Direito Constitucional · Processo Civil · STF

A Súmula Vinculante e a Repercussão Geral como Instrumentos de Racionalização da Atuação do Supremo Tribunal Federal: Efetividade, Limites e Tensões Hermenêuticas

RJ
Roberto de Abreu e Silva Junior
OAB/RJ 153.393 · OAB/SP 543.329 · IDP — Mestrado em Direito, Justiça e Desenvolvimento
EC nº 45/2004 · STF · Controle de Constitucionalidade
Instituição: IDP – Instituto de Desenvolvimento e Pesquisa  |  Programa: Mestrado em Direito, Justiça e Desenvolvimento
Resumo

Este trabalho analisa a Súmula Vinculante e a Repercussão Geral como instrumentos de racionalização da atuação do Supremo Tribunal Federal, instituídos pela Emenda Constitucional nº 45/2004. A presente pesquisa investiga a eficácia prática desses mecanismos, seus limites teóricos e os desafios hermenêuticos decorrentes de sua inserção no sistema jurídico brasileiro. Adota-se o método dedutivo, aliando o exame normativo, revisão doutrinária e análise de dados estatísticos oficiais, com base nas contribuições de Teresa Arruda Alvim Wambier, Francielle Pires Duarte Sommer e Lenio Luiz Streck. Os resultados indicam que, embora tenham proporcionado expressiva redução do acervo processual superior a 80% desde 2006 e maior qualificação dos julgamentos, tais institutos também introduzem controvérsias relevantes entre as tradições do civil law e do common law, levantando discussões sobre legitimidade democrática e separação de poderes. Conclui-se que a Súmula Vinculante e a Repercussão Geral evidenciaram o STF como verdadeira Corte Constitucional, mas sua aplicação exige constante atenção para compatibilizar eficiência processual e preservação da integridade do Direito.
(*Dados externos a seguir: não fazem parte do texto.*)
(* Let $\Lambda$ be a well-founded semilattice. Then every nonprincipal strongly productive ultrafilter on $\Lambda$ is regular.
   Context: A semilattice is a commutative semigroup in which every element is idempotent, ordered by $x\le y$ iff $xy=x$; it is well-founded if every nonempty subset has a minimal element. For a sequence $\vec{x}=(x_n)_{n\in\omega}$, $\mathrm{FP}(\vec{x})$ is the set of all products $\prod_{i\in a}x_i$ with $a$ a finite nonempty subset of $\omega$, and $\mathrm{FP}_1(\vec{x})=\mathrm{FP}((x_{n+1})_n)$. An ultrafilter $q$ is strongly productive if every $A\in q$ contains some $\mathrm{FP}(\vec{x})\in q$. A nonprincipal strongly productive ultrafilter $q$ is regular if there is $B\in q$ such that for every sequence $\vec{x}$ with $\mathrm{FP}(\vec{x})\subseteq B$, the set $x_0\mathrm{FP}_1(\vec{x})$ does not belong to $q$. *)

From Stdlib Require Import List Arith Sorting.Sorted.
Import ListNotations.
Set Implicit Arguments.

Record semilattice (T : Type) (op : T -> T -> T) : Prop := {
  sl_assoc : forall x y z, op x (op y z) = op (op x y) z;
  sl_comm  : forall x y, op x y = op y x;
  sl_idem  : forall x, op x x = x
}.

Definition sl_le (T : Type) (op : T -> T -> T) (x y : T) : Prop := op x y = x.

Definition sl_well_founded (T : Type) (op : T -> T -> T) : Prop :=
  forall S : T -> Prop, (exists x, S x) ->
    exists m, S m /\ forall y, S y -> sl_le op y m -> y = m.

Definition prod_list (T : Type) (op : T -> T -> T) (x : nat -> T) (i0 : nat) (a : list nat) : T :=
  fold_left (fun acc j => op acc (x j)) a (x i0).

(* FP(x) = products over finite nonempty subsets of omega; a finite nonempty subset
   is represented by the strictly increasing list of its elements. *)
Definition FP (T : Type) (op : T -> T -> T) (x : nat -> T) : T -> Prop :=
  fun y => exists (i0 : nat) (a : list nat),
    StronglySorted lt (i0 :: a) /\ y = prod_list op x i0 a.

Definition FP1 (T : Type) (op : T -> T -> T) (x : nat -> T) : T -> Prop :=
  FP op (fun n => x (S n)).

Definition ultrafilter (T : Type) (q : (T -> Prop) -> Prop) : Prop :=
  q (fun _ => True) /\
  ~ q (fun _ => False) /\
  (forall A B : T -> Prop, q A -> (forall t, A t -> B t) -> q B) /\
  (forall A B : T -> Prop, q A -> q B -> q (fun t => A t /\ B t)) /\
  (forall A : T -> Prop, q A \/ q (fun t => ~ A t)).

Definition principal (T : Type) (q : (T -> Prop) -> Prop) : Prop :=
  exists x : T, forall A : T -> Prop, q A <-> A x.

Definition strongly_productive (T : Type) (op : T -> T -> T) (q : (T -> Prop) -> Prop) : Prop :=
  forall A : T -> Prop, q A ->
    exists x : nat -> T, (forall t, FP op x t -> A t) /\ q (FP op x).

Definition regular (T : Type) (op : T -> T -> T) (q : (T -> Prop) -> Prop) : Prop :=
  ~ principal q /\ strongly_productive op q /\
  exists B : T -> Prop, q B /\
    forall x : nat -> T, (forall t, FP op x t -> B t) ->
      ~ q (fun t => exists y, FP1 op x y /\ t = op (x 0) y).

(* Write [down t] for the principal down-set { s | s <= t }.  The whole proof
   rests on one observation: since x0 * y <= x0 in a semilattice, the set
   x0 FP_1(x) is contained in [down x0]; so if it belongs to q, then so does
   [down x0].  Call t "q-bounding" when [down t] belongs to q.
   - If no element is q-bounding, the witness B = T works: a sequence with
     x0 FP_1(x) in q would make x0 q-bounding.
   - Otherwise well-foundedness gives a minimal q-bounding element m, and the
     witness is B = [down m] minus {m}, which lies in q because a nonprincipal
     ultrafilter never contains a singleton.  If FP(x) is inside B, then
     x0 < m, so x0 cannot be q-bounding by minimality of m. *)

From Stdlib Require Import List Sorting.Sorted Classical.
Import ListNotations.
Set Implicit Arguments.

Definition regularity_witness (T : Type) (op : T -> T -> T)
    (q : (T -> Prop) -> Prop) (B : T -> Prop) : Prop :=
  q B /\
  forall x : nat -> T, (forall t, FP op x t -> B t) ->
    ~ q (fun t => exists y, FP1 op x y /\ t = op (x 0) y).

Section Ultrafilters.

Variable T : Type.
Variable q : (T -> Prop) -> Prop.
Hypothesis q_uf : ultrafilter q.

Lemma uf_mono (A B : T -> Prop) : q A -> (forall t, A t -> B t) -> q B.
Proof. destruct q_uf as [_ [_ [Hup _]]]. apply Hup. Qed.

Lemma uf_singleton_principal (m : T) : q (fun t => t = m) -> principal q.
Proof.
  destruct q_uf as [_ [Hempty [_ [Hinter _]]]].
  intro Hm. exists m. intro A. split.
  - intro HA. apply NNPP. intro HnA. apply Hempty.
    eapply uf_mono; [exact (Hinter _ _ HA Hm) |]. intros t [HAt ->]. contradiction.
  - intro HAm. eapply uf_mono; [exact Hm |]. intros t ->. exact HAm.
Qed.

Lemma uf_remove_point (A : T -> Prop) (m : T) :
  ~ principal q -> q A -> q (fun t => A t /\ t <> m).
Proof.
  destruct q_uf as [_ [_ [_ [Hinter Hult]]]].
  intros Hnp HA. destruct (Hult (fun t => t = m)) as [Hm | Hnm].
  - exfalso. exact (Hnp (uf_singleton_principal Hm)).
  - exact (Hinter _ _ HA Hnm).
Qed.

End Ultrafilters.

Section Semilattices.

Variable T : Type.
Variable op : T -> T -> T.
Hypothesis op_sl : semilattice op.

Definition down (t : T) : T -> Prop := fun s => sl_le op s t.

Lemma sl_mul_le_left (a b : T) : sl_le op (op a b) a.
Proof.
  destruct op_sl as [Hassoc Hcomm Hidem]. unfold sl_le.
  rewrite <- Hassoc, (Hcomm b a), Hassoc, Hidem. reflexivity.
Qed.

Lemma FP_head (x : nat -> T) : FP op x (x 0).
Proof. exists 0, []. split; [repeat constructor | reflexivity]. Qed.

Variable q : (T -> Prop) -> Prop.
Hypothesis q_uf : ultrafilter q.

(* The set x0 FP_1(x) lies below x0, so if it is in q, so is [down (x 0)]. *)
Lemma shifted_products_bounded (x : nat -> T) :
  q (fun t => exists y, FP1 op x y /\ t = op (x 0) y) -> q (down (x 0)).
Proof.
  intro Hq. eapply uf_mono; [exact q_uf | exact Hq |].
  intros t [y [_ ->]]. apply sl_mul_le_left.
Qed.

Lemma witness_without_bounding :
  ~ (exists t, q (down t)) -> regularity_witness op q (fun _ => True).
Proof.
  destruct q_uf as [Htop _].
  intro Hno. split; [exact Htop |].
  intros x _ Hq. apply Hno. exists (x 0).
  exact (shifted_products_bounded Hq).
Qed.

Lemma witness_below_minimal_bounding (m : T) :
  ~ principal q -> q (down m) ->
  (forall y, q (down y) -> sl_le op y m -> y = m) ->
  regularity_witness op q (fun t => down m t /\ t <> m).
Proof.
  intros Hnp Hm Hmin. split; [apply uf_remove_point; assumption |].
  intros x HB Hq.
  destruct (HB _ (FP_head x)) as [Hx0_le Hx0_ne].
  apply Hx0_ne, Hmin; [exact (shifted_products_bounded Hq) | exact Hx0_le].
Qed.

End Semilattices.

Theorem mainTheorem13 (T : Type) (op : T -> T -> T) :
  semilattice op -> sl_well_founded op ->
  forall q : (T -> Prop) -> Prop,
    ultrafilter q -> ~ principal q -> strongly_productive op q ->
    regular op q.
Proof.
  intros Hsl Hwf q Huf Hnp Hsp.
  split; [exact Hnp |]. split; [exact Hsp |].
  assert (Hwitness : exists B, regularity_witness op q B).
  { destruct (classic (exists t, q (down op t))) as [Hbounding | Hno].
    - destruct (Hwf _ Hbounding) as [m [Hm Hmin]].
      eexists. exact (witness_below_minimal_bounding Hsl Huf Hnp Hm Hmin).
    - eexists. exact (witness_without_bounding Hsl Huf Hno). }
  exact Hwitness.
Qed.
(* Let $f\colon I\to I$ be continuous and $k\ge1$, and assume $\mathrm{Per}(f,k)$ is a Cantor set. Fix $x\in\mathrm{Per}(f,k)$ and $\varepsilon>0$, and let $\mu_x$ be the unique $f$-invariant Borel probability measure supported on the orbit of $x$. Then there is a non-atomic Borel probability measure $\nu$ supported on $\mathrm{Per}(f,k)$ such that $D(\mu_x,\nu)<\varepsilon$.
   Context: $I=[0,1]$. $\mathrm{Per}(f,k)=\{x: f^k(x)=x,\ f^i(x)\ne x,\ 1\le i<k\}$. For $A\subset I$, $B(A,\varepsilon)=\{y\in I: |y-a|<\varepsilon \text{ for some } a\in A\}$. The Prohorov metric on Borel probability measures on $I$ is $D(\mu,\nu)=\inf\{\varepsilon>0: \mu(A)\le\nu(B(A,\varepsilon))+\varepsilon \text{ and } \nu(A)\le\mu(B(A,\varepsilon))+\varepsilon \text{ for all Borel } A\subset I\}$. A Cantor set is a nonempty compact, perfect, totally disconnected set. *)

From HB Require Import structures.
From mathcomp Require Import all_boot all_order all_algebra.
From mathcomp Require Import all_classical all_reals all_analysis.
Set Implicit Arguments. Unset Strict Implicit. Unset Printing Implicit Defensive.
Import Order.TTheory GRing.Theory Num.Theory.
Import numFieldNormedType.Exports.
Local Open Scope classical_set_scope.
Local Open Scope ring_scope.

(* I = [0,1] is the set `[0, 1] of R.  Borel probability measures on I are
   represented as probability measures on (the Borel sigma-algebra of) R
   whose support lies in I. *)

Definition unitI {R : realType} : set R := `[0, 1]%classic.

Definition Per {R : realType} (f : R -> R) (k : nat) : set R :=
  [set x | unitI x /\ iter k f x = x /\
           (forall i : nat, (1 <= i)%N -> (i < k)%N -> iter i f x <> x)].

Definition cantor_set {R : realType} (C : set R) : Prop :=
  [/\ C !=set0, compact C, perfect_set C & totally_disconnected C].

Definition orbit_of {R : realType} (f : R -> R) (x : R) : set R :=
  [set iter i f x | i in [set: nat]].

Definition msupport {R : realType} (mu : set R -> \bar R) : set R :=
  [set y | forall e : R, 0 < e -> (0 < mu (ball y e))%E].

Definition f_invariant {R : realType} (f : R -> R) (mu : set R -> \bar R) :=
  forall A : set R, measurable A -> A `<=` unitI ->
    mu (unitI `&` f @^-1` A) = mu A.

Definition nonatomic {R : realType} (mu : set R -> \bar R) :=
  forall y : R, mu [set y] = 0%E.

Definition Bnbhd {R : realType} (A : set R) (e : R) : set R :=
  [set y | unitI y /\ exists2 a, A a & `|y - a| < e].

Definition prohorov_ok {R : realType} (mu nu : set R -> \bar R) (e : R) :=
  forall A : set R, measurable A -> A `<=` unitI ->
    (mu A <= nu (Bnbhd A e) + e%:E)%E /\ (nu A <= mu (Bnbhd A e) + e%:E)%E.

Definition prohorov {R : realType} (mu nu : set R -> \bar R) : \bar R :=
  ereal_inf [set e%:E | e in [set e : R | 0 < e /\ prohorov_ok mu nu e]].

From HB Require Import structures.
From mathcomp Require Import all_boot all_order all_algebra.
From mathcomp Require Import all_classical all_reals all_analysis.
From mathcomp Require Import lra zify.
Import Order.TTheory GRing.Theory Num.Theory.
Import numFieldNormedType.Exports.
Local Open Scope classical_set_scope.
Local Open Scope ring_scope.

(* mu_x is supported on the orbit of x, whose points a_j = f^j(x), j < k, are
   distinct, so mu_x is the sum of the point masses w_j = mu_x({a_j}).  Since
   Per(f,k) is closed without isolated points, a Cantor scheme of nested
   intervals centred in Per(f,k) yields for each j a nondecreasing map g_j,
   strictly increasing on [0,1], with values in Per(f,k) within eps/4 of a_j.
   Then nu = sum_j w_j (g_j)_* (Lebesgue measure on [0,1]) is a probability
   without atoms supported on Per(f,k), obtained from mu_x by moving each atom
   by less than eps/2, so D(mu_x, nu) <= eps/2. *)

Section dyadic_index.
Context {R : realType}.

Lemma exists_lt_pow2 (x : R) : exists n, x < 2 ^+ n.
Proof.
exists (Num.truncn x); apply: (lt_le_trans (truncnS_gt x)).
by rewrite -natrX ler_nat ltn_expl.
Qed.

Lemma truncn_mul2_half (y : R) : (Num.truncn (y * 2))./2 = Num.truncn y.
Proof.
have truncn_lt1 (z : R) : z < 1 -> Num.truncn z = 0%N.
  by move=> z_lt1; apply/truncn0Pn; rewrite -ltNge.
have [y_ge0|y_lt0] := leP 0 y; last by rewrite !truncn_lt1 //; lra.
have y2_ge0 : 0 <= y * 2 by lra.
have := truncn_itv y_ge0; have := truncn_itv y2_ge0.
set m := Num.truncn y; set m2 := Num.truncn (y * 2).
rewrite -[m.+1%:R]natr1 -[m2.+1%:R]natr1 => /andP[le_m2 lt_m2] /andP[le_m lt_m].
have lb : (m * 2 <= m2)%N by rewrite truncn_ge_nat // natrM; lra.
have ub : (m2 < m * 2 + 2)%N by rewrite truncn_lt_nat // natrD natrM; lra.
rewrite -divn2; lia.
Qed.

(* For t in [0, 1), the m with m / 2 ^ n <= t < (m + 1) / 2 ^ n; it is 0 for
   t < 0 and 2 ^ n - 1 for t >= 1. *)
Definition dyadic_idx (n : nat) (t : R) : nat :=
  minn (Num.truncn (t * 2 ^+ n)) (2 ^ n).-1.

Lemma dyadic_idx_lt n t : (dyadic_idx n t < 2 ^ n)%N.
Proof. by rewrite /dyadic_idx; have := expn_gt0 2 n; lia. Qed.

Lemma dyadic_idx_half n t : (dyadic_idx n.+1 t)./2 = dyadic_idx n t.
Proof.
rewrite /dyadic_idx exprSr mulrA -(truncn_mul2_half (t * 2 ^+ n)) expnSr.
have : (0 < 2 ^ n)%N by rewrite expn_gt0.
move: (2 ^ n)%N (Num.truncn _) => P m P_gt0.
rewrite -!divn2; lia.
Qed.

Lemma dyadic_idx_mono n : {homo dyadic_idx n : t t' / t <= t' >-> (t <= t')%N}.
Proof.
move=> t t' le_tt'; rewrite /dyadic_idx.
have : (Num.truncn (t * 2 ^+ n) <= Num.truncn (t' * 2 ^+ n))%N.
  by apply: le_truncn; rewrite ler_wpM2r // exprn_ge0.
lia.
Qed.

Lemma dyadic_idx_sep {t t'} : 0 <= t -> t < t' -> t' <= 1 ->
  exists n, (dyadic_idx n t < dyadic_idx n t')%N.
Proof.
move=> t_ge0 lt_tt' t'_le1.
have [n ltn] := exists_lt_pow2 (t' - t)^-1.
have pow_gt0 : 0 < 2 ^+ n :> R by rewrite exprn_gt0.
have gap : t * 2 ^+ n + 1 < t' * 2 ^+ n.
  by move: ltn; rewrite -div1r ltr_pdivrMr ?subr_gt0 // mulrBr; lra.
exists n; rewrite /dyadic_idx.
have := truncn_itv (mulr_ge0 t_ge0 (ltW pow_gt0)).
have := truncn_itv (mulr_ge0 (le_trans t_ge0 (ltW lt_tt')) (ltW pow_gt0)).
have : t' * 2 ^+ n <= 2 ^+ n by rewrite ler_piMl // ltW.
set m := Num.truncn (t * _); set m' := Num.truncn (t' * _).
rewrite -[m.+1%:R]natr1 -[m'.+1%:R]natr1 => le_pow /andP[le_m' lt_m'] /andP[le_m lt_m].
have : (m < m')%N by rewrite -(ltr_nat R); lra.
have : (m.+1 < 2 ^ n)%N by rewrite -(ltr_nat R) natrX; lra.
have := expn_gt0 2 n; lia.
Qed.

End dyadic_index.

Section perfect_embedding.
Context {R : realType} {C : set R}.
Hypothesis C_limit : C `<=` limit_point C.

Lemma limit_point_near {c e} : C c -> 0 < e ->
  exists c', [/\ C c', c' != c & `|c' - c| < e].
Proof.
move=> /C_limit /(_ (ball c e) (nbhsx_ballx c e _)) lim_c e_gt0.
have [c' [ne Cc' ball_c']] := lim_c e_gt0.
by exists c'; split => //; rewrite -ball_normE /ball_ /= distrC in ball_c'.
Qed.

Definition split_point (c r : R) : R :=
  xget c [set c' | [/\ C c', c' != c & `|c' - c| < r / 2]].

Lemma split_pointP {c r} : C c -> 0 < r ->
  [/\ C (split_point c r), split_point c r != c & `|split_point c r - c| < r / 2].
Proof.
move=> Cc r_gt0; have r2_gt0 : 0 < r / 2 by rewrite divr_gt0.
exact: xgetPex (limit_point_near Cc r2_gt0).
Qed.

Definition lo (p : R * R) : R := p.1 - p.2.
Definition hi (p : R * R) : R := p.1 + p.2.

Definition child (b : bool) (p : R * R) : R * R :=
  let c' := split_point p.1 p.2 in
  (if b then Num.max p.1 c' else Num.min p.1 c',
   (Num.max p.1 c' - Num.min p.1 c') / 3).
Palavras-chave: Súmula Vinculante; Repercussão Geral; Supremo Tribunal Federal; Controle de Constitucionalidade; Precedentes.

1. Introdução

A evolução do sistema de controle de constitucionalidade brasileiro reflete as transformações sociais e jurídicas que marcaram nossa história. Desde a adoção do modelo difuso em 1891, inspirado na experiência norte-americana, até o implemento do sistema híbrido atual, que combina controle incidental e concentrado, o Supremo Tribunal Federal (STF) vem assumindo o papel de guardião da Constituição (STRECK, 2004). Essa trajetória, contudo, não se desenvolveu sem obstáculos significativos.

O início do século XXI encontrou o STF em uma encruzilhada institucional. O volume exponencial de processos que chegavam à Corte a transformou, na prática, em uma terceira ou quarta instância recursal, distanciando-a de sua vocação constitucional primordial. Em 2006, o Tribunal recebeu o recorde histórico de 127.535 processos, número que evidenciava não apenas uma crise quantitativa, mas uma distorção qualitativa de sua função institucional (SUPREMO TRIBUNAL FEDERAL, 2015).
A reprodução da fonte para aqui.